» **Your task**
Start at the line below containing "(* Greedy by" and stop at the line containing "X \subset S &". Repeat every line of that stretch exactly, and nothing outside it.

Stored items:
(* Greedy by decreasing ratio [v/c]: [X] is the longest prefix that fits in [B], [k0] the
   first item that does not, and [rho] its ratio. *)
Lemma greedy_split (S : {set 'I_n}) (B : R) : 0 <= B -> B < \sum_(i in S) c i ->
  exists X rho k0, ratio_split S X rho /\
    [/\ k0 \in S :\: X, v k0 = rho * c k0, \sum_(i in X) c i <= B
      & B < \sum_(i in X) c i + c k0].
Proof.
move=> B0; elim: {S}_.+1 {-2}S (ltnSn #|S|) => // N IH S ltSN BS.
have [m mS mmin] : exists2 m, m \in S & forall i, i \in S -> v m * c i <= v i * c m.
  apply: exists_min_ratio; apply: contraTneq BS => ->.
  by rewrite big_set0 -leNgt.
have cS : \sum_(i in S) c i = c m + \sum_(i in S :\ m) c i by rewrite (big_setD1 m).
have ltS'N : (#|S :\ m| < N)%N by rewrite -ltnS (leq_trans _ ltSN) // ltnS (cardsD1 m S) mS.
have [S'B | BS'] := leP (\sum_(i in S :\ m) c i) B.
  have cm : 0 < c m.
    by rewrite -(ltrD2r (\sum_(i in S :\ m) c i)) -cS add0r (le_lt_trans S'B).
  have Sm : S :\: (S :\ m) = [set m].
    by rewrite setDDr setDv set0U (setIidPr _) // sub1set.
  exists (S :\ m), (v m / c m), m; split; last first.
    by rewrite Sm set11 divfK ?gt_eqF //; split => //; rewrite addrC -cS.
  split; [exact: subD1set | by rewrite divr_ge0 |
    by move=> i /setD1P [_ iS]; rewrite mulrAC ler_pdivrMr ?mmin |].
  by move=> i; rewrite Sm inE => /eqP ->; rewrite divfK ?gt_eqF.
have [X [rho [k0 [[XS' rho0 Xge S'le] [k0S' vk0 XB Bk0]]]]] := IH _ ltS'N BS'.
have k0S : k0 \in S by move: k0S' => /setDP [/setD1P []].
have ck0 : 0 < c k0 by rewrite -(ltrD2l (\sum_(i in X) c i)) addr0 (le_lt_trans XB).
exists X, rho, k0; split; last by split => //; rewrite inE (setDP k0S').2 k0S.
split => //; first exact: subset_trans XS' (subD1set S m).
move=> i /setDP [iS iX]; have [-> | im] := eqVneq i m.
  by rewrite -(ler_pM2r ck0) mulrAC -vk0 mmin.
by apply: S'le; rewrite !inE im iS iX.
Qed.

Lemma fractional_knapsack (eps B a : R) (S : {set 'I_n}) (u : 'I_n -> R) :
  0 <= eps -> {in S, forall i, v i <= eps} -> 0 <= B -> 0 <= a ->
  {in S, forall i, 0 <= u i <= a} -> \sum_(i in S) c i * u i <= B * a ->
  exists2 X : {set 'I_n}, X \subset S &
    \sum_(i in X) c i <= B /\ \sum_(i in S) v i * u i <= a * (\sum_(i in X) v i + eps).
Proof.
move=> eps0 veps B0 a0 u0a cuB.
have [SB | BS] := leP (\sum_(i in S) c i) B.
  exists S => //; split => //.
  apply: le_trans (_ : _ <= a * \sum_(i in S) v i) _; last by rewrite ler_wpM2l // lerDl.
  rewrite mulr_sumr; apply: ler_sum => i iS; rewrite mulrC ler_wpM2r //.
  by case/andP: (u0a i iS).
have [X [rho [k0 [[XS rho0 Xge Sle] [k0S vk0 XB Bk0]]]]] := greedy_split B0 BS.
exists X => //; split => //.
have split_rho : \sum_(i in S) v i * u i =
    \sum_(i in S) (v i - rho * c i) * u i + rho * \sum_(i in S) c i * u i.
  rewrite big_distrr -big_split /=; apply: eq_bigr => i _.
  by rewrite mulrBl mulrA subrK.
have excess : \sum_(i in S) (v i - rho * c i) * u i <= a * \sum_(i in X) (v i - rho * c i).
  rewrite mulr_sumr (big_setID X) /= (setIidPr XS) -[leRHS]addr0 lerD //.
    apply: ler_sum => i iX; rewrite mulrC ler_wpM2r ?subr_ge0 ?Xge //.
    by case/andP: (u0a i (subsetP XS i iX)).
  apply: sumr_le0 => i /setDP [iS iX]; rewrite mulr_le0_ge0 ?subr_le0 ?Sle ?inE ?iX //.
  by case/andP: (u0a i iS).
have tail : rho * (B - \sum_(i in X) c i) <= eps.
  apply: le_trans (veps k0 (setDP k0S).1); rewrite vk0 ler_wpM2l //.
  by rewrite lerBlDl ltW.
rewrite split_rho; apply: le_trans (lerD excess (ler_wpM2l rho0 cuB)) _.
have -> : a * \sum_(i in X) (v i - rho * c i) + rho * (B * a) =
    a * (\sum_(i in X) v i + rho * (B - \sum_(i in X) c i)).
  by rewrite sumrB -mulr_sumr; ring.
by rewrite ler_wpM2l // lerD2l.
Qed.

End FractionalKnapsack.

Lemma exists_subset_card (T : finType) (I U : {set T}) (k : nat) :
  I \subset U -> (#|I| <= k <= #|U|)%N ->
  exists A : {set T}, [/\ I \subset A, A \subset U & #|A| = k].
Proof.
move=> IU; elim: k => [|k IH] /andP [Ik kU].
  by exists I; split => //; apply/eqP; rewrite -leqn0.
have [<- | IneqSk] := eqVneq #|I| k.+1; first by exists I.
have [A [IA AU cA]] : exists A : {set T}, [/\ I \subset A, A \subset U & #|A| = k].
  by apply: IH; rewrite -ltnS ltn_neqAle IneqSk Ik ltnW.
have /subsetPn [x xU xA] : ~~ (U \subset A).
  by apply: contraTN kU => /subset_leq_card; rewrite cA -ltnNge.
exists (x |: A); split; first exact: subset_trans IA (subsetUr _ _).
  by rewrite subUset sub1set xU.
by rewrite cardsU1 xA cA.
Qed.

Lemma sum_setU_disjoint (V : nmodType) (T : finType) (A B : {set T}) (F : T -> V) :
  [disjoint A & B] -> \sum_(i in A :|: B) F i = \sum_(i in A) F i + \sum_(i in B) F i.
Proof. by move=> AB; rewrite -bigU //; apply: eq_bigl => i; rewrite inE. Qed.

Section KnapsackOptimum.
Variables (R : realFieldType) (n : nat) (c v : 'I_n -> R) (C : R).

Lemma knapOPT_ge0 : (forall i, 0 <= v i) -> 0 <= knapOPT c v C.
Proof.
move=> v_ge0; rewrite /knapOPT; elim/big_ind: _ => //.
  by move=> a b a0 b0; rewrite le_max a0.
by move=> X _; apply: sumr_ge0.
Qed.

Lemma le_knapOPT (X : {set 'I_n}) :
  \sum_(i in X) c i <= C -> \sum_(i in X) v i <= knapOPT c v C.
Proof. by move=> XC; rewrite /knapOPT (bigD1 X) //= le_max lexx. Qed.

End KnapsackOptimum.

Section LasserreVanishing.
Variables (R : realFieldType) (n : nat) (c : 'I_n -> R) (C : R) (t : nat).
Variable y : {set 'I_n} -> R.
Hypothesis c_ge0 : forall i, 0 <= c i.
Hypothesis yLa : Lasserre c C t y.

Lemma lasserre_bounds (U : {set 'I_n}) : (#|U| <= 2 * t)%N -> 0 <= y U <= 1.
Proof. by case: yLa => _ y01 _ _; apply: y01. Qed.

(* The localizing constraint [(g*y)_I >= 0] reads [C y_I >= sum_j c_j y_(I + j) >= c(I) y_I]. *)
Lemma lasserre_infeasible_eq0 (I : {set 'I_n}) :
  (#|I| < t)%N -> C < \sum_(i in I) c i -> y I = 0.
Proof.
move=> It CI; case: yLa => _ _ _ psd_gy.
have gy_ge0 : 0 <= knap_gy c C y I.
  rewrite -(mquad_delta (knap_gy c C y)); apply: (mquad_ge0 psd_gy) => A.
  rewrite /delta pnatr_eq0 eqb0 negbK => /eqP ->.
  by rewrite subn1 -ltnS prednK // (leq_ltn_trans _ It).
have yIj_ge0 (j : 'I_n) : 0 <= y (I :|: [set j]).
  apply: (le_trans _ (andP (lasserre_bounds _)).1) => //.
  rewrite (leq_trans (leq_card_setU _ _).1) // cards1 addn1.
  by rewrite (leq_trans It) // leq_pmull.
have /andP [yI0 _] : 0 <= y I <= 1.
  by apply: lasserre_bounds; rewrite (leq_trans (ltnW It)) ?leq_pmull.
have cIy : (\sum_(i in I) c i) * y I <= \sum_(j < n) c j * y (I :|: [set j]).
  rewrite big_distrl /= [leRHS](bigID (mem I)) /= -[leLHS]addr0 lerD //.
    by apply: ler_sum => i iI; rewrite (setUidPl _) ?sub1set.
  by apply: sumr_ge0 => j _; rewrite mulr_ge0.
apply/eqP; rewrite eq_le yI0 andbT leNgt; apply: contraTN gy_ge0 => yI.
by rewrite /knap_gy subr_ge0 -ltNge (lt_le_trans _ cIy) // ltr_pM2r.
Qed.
--
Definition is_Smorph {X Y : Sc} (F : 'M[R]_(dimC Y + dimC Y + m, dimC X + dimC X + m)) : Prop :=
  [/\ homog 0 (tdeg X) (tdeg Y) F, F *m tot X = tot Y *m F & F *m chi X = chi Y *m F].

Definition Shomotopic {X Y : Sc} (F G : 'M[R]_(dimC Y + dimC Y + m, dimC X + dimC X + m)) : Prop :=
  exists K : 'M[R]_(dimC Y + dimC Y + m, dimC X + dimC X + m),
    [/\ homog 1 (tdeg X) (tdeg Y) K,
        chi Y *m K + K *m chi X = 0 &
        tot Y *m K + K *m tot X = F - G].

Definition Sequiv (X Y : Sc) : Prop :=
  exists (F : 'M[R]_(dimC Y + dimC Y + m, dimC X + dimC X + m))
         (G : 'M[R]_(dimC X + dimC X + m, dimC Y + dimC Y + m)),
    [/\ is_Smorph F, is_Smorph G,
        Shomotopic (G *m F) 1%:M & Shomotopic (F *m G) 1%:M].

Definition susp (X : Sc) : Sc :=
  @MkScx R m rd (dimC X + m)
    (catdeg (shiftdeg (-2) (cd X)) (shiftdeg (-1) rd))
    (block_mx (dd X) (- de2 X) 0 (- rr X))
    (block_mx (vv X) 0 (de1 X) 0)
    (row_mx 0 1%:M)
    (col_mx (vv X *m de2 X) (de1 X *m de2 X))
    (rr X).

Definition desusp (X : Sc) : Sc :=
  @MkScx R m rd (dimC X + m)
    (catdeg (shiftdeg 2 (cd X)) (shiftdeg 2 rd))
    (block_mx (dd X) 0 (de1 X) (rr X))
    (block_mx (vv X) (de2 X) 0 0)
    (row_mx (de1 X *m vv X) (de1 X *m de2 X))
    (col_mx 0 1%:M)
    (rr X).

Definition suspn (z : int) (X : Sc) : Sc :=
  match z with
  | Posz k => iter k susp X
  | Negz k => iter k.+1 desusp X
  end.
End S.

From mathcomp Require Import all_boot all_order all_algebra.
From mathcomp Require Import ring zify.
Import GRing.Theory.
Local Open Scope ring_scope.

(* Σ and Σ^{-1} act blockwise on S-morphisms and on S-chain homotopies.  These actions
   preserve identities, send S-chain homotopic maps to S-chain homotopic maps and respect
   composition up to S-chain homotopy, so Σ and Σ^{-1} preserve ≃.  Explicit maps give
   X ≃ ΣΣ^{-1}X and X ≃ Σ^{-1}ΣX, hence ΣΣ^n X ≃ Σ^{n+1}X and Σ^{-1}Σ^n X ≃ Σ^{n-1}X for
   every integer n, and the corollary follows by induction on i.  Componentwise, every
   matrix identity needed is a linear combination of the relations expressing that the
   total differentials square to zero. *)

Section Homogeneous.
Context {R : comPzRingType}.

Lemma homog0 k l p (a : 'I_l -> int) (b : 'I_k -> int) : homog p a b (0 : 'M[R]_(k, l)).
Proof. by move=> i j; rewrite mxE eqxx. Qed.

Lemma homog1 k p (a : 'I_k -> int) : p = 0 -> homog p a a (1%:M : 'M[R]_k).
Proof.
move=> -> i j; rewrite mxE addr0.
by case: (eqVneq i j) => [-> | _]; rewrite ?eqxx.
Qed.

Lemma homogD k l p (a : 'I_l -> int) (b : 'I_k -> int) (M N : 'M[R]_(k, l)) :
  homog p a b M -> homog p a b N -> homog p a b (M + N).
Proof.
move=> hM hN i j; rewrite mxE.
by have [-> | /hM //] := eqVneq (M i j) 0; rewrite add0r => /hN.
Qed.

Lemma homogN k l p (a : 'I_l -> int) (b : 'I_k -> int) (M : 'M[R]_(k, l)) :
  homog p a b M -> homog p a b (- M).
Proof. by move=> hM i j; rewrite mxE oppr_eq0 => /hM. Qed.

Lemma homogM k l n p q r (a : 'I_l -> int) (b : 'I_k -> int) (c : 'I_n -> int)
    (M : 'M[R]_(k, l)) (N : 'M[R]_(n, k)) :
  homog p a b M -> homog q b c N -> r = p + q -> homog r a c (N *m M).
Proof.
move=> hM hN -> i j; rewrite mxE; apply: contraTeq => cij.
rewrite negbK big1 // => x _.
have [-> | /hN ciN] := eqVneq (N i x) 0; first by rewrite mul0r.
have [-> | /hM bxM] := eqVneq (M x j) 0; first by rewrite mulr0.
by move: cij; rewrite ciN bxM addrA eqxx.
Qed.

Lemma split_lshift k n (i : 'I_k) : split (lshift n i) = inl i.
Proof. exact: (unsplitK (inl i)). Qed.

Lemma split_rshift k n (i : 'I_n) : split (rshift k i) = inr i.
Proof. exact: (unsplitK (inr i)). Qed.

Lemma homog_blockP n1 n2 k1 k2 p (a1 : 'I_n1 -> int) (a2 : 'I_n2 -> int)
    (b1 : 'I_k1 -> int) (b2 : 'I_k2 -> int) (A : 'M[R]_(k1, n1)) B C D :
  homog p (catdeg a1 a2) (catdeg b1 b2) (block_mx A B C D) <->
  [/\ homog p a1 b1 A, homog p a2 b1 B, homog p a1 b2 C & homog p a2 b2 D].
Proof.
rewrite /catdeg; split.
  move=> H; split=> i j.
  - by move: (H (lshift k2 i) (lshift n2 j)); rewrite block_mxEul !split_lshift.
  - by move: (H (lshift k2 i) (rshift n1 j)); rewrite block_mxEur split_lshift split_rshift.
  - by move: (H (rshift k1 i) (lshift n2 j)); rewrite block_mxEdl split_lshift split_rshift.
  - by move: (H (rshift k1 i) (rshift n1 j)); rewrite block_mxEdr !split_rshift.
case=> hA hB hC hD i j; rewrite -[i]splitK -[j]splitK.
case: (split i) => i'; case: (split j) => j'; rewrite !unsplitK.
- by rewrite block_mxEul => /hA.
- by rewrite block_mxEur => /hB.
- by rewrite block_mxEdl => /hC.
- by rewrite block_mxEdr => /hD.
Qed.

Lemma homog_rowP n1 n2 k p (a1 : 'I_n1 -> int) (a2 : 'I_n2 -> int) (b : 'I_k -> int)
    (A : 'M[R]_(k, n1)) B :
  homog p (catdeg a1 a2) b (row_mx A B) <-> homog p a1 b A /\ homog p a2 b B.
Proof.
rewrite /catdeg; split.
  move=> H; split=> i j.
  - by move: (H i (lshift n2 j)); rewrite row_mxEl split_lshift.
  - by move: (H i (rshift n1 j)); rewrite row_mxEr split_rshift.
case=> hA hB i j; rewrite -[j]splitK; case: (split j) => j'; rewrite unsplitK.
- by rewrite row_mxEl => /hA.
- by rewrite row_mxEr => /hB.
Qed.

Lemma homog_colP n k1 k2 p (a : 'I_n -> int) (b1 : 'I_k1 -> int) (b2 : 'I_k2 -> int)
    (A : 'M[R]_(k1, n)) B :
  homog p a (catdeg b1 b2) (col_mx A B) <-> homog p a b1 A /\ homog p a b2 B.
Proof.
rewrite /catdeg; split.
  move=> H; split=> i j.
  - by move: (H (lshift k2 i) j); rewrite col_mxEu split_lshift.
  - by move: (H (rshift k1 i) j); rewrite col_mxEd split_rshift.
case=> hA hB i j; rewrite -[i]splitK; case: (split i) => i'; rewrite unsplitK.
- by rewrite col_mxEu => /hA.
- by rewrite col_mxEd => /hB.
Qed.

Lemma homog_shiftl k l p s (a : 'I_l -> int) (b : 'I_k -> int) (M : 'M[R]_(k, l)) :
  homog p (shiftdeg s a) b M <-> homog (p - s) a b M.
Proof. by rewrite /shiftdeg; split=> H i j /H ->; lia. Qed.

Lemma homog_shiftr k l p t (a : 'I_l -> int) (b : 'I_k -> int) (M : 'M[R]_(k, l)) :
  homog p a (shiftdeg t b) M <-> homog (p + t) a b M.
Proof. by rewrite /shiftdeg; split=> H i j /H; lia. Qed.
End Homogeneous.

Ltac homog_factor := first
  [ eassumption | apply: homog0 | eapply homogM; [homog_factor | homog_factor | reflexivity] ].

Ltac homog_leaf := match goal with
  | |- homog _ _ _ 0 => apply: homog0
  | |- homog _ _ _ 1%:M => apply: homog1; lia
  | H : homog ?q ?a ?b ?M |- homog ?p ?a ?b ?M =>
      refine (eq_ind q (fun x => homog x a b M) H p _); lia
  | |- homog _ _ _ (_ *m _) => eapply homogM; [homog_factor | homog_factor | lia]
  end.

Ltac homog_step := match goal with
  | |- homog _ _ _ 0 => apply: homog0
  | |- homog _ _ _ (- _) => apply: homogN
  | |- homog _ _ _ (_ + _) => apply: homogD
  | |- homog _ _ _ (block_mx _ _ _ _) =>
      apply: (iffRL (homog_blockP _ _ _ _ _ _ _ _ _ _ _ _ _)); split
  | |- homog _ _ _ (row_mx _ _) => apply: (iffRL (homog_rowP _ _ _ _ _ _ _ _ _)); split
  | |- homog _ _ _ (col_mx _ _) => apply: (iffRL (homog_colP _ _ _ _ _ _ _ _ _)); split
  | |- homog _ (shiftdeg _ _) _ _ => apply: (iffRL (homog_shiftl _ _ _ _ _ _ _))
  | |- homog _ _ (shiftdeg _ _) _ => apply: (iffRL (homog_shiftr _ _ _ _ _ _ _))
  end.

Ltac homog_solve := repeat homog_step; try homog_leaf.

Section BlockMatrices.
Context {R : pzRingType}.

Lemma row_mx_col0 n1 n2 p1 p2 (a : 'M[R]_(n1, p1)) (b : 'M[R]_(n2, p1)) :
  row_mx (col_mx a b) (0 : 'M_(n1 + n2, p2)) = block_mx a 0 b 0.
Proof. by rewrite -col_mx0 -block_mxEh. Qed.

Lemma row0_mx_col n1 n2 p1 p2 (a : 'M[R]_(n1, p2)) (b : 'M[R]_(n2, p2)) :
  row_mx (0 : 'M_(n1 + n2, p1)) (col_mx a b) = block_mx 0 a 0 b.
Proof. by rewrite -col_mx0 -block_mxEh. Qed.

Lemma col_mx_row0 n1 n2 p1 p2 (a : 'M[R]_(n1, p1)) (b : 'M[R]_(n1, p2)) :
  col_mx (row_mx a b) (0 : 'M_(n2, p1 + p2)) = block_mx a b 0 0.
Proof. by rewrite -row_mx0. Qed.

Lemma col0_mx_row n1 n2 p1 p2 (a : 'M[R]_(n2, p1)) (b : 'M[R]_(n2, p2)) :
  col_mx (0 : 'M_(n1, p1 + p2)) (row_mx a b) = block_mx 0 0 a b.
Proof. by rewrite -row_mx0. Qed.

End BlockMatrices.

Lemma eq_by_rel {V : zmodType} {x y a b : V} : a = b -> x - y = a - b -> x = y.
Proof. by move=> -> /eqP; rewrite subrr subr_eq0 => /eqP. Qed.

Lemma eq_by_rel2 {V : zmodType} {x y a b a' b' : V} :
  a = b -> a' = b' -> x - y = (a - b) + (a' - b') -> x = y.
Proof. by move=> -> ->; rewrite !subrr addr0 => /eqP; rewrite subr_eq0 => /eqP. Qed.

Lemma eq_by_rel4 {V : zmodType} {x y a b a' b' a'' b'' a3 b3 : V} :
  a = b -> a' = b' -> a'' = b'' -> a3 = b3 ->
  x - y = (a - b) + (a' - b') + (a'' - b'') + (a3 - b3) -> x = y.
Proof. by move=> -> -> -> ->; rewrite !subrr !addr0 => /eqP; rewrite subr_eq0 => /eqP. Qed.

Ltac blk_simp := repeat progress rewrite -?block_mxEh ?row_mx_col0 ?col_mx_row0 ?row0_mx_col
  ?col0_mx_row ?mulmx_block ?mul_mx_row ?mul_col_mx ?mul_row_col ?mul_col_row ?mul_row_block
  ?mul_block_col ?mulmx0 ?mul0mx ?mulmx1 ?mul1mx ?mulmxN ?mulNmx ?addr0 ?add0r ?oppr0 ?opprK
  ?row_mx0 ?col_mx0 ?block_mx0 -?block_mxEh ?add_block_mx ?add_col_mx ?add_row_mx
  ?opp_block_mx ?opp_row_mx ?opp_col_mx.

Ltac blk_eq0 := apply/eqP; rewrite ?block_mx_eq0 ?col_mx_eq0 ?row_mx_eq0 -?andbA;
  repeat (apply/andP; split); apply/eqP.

» **The answer**
(* Greedy by decreasing ratio [v/c]: [X] is the longest prefix that fits in [B], [k0] the
   first item that does not, and [rho] its ratio. *)
Lemma greedy_split (S : {set 'I_n}) (B : R) : 0 <= B -> B < \sum_(i in S) c i ->
  exists X rho k0, ratio_split S X rho /\
    [/\ k0 \in S :\: X, v k0 = rho * c k0, \sum_(i in X) c i <= B
      & B < \sum_(i in X) c i + c k0].
Proof.
move=> B0; elim: {S}_.+1 {-2}S (ltnSn #|S|) => // N IH S ltSN BS.
have [m mS mmin] : exists2 m, m \in S & forall i, i \in S -> v m * c i <= v i * c m.
  apply: exists_min_ratio; apply: contraTneq BS => ->.
  by rewrite big_set0 -leNgt.
have cS : \sum_(i in S) c i = c m + \sum_(i in S :\ m) c i by rewrite (big_setD1 m).
have ltS'N : (#|S :\ m| < N)%N by rewrite -ltnS (leq_trans _ ltSN) // ltnS (cardsD1 m S) mS.
have [S'B | BS'] := leP (\sum_(i in S :\ m) c i) B.
  have cm : 0 < c m.
    by rewrite -(ltrD2r (\sum_(i in S :\ m) c i)) -cS add0r (le_lt_trans S'B).
  have Sm : S :\: (S :\ m) = [set m].
    by rewrite setDDr setDv set0U (setIidPr _) // sub1set.
  exists (S :\ m), (v m / c m), m; split; last first.
    by rewrite Sm set11 divfK ?gt_eqF //; split => //; rewrite addrC -cS.
  split; [exact: subD1set | by rewrite divr_ge0 |
    by move=> i /setD1P [_ iS]; rewrite mulrAC ler_pdivrMr ?mmin |].
  by move=> i; rewrite Sm inE => /eqP ->; rewrite divfK ?gt_eqF.
have [X [rho [k0 [[XS' rho0 Xge S'le] [k0S' vk0 XB Bk0]]]]] := IH _ ltS'N BS'.
have k0S : k0 \in S by move: k0S' => /setDP [/setD1P []].
have ck0 : 0 < c k0 by rewrite -(ltrD2l (\sum_(i in X) c i)) addr0 (le_lt_trans XB).
exists X, rho, k0; split; last by split => //; rewrite inE (setDP k0S').2 k0S.
split => //; first exact: subset_trans XS' (subD1set S m).
move=> i /setDP [iS iX]; have [-> | im] := eqVneq i m.
  by rewrite -(ler_pM2r ck0) mulrAC -vk0 mmin.
by apply: S'le; rewrite !inE im iS iX.
Qed.

Lemma fractional_knapsack (eps B a : R) (S : {set 'I_n}) (u : 'I_n -> R) :
  0 <= eps -> {in S, forall i, v i <= eps} -> 0 <= B -> 0 <= a ->
  {in S, forall i, 0 <= u i <= a} -> \sum_(i in S) c i * u i <= B * a ->
  exists2 X : {set 'I_n}, X \subset S &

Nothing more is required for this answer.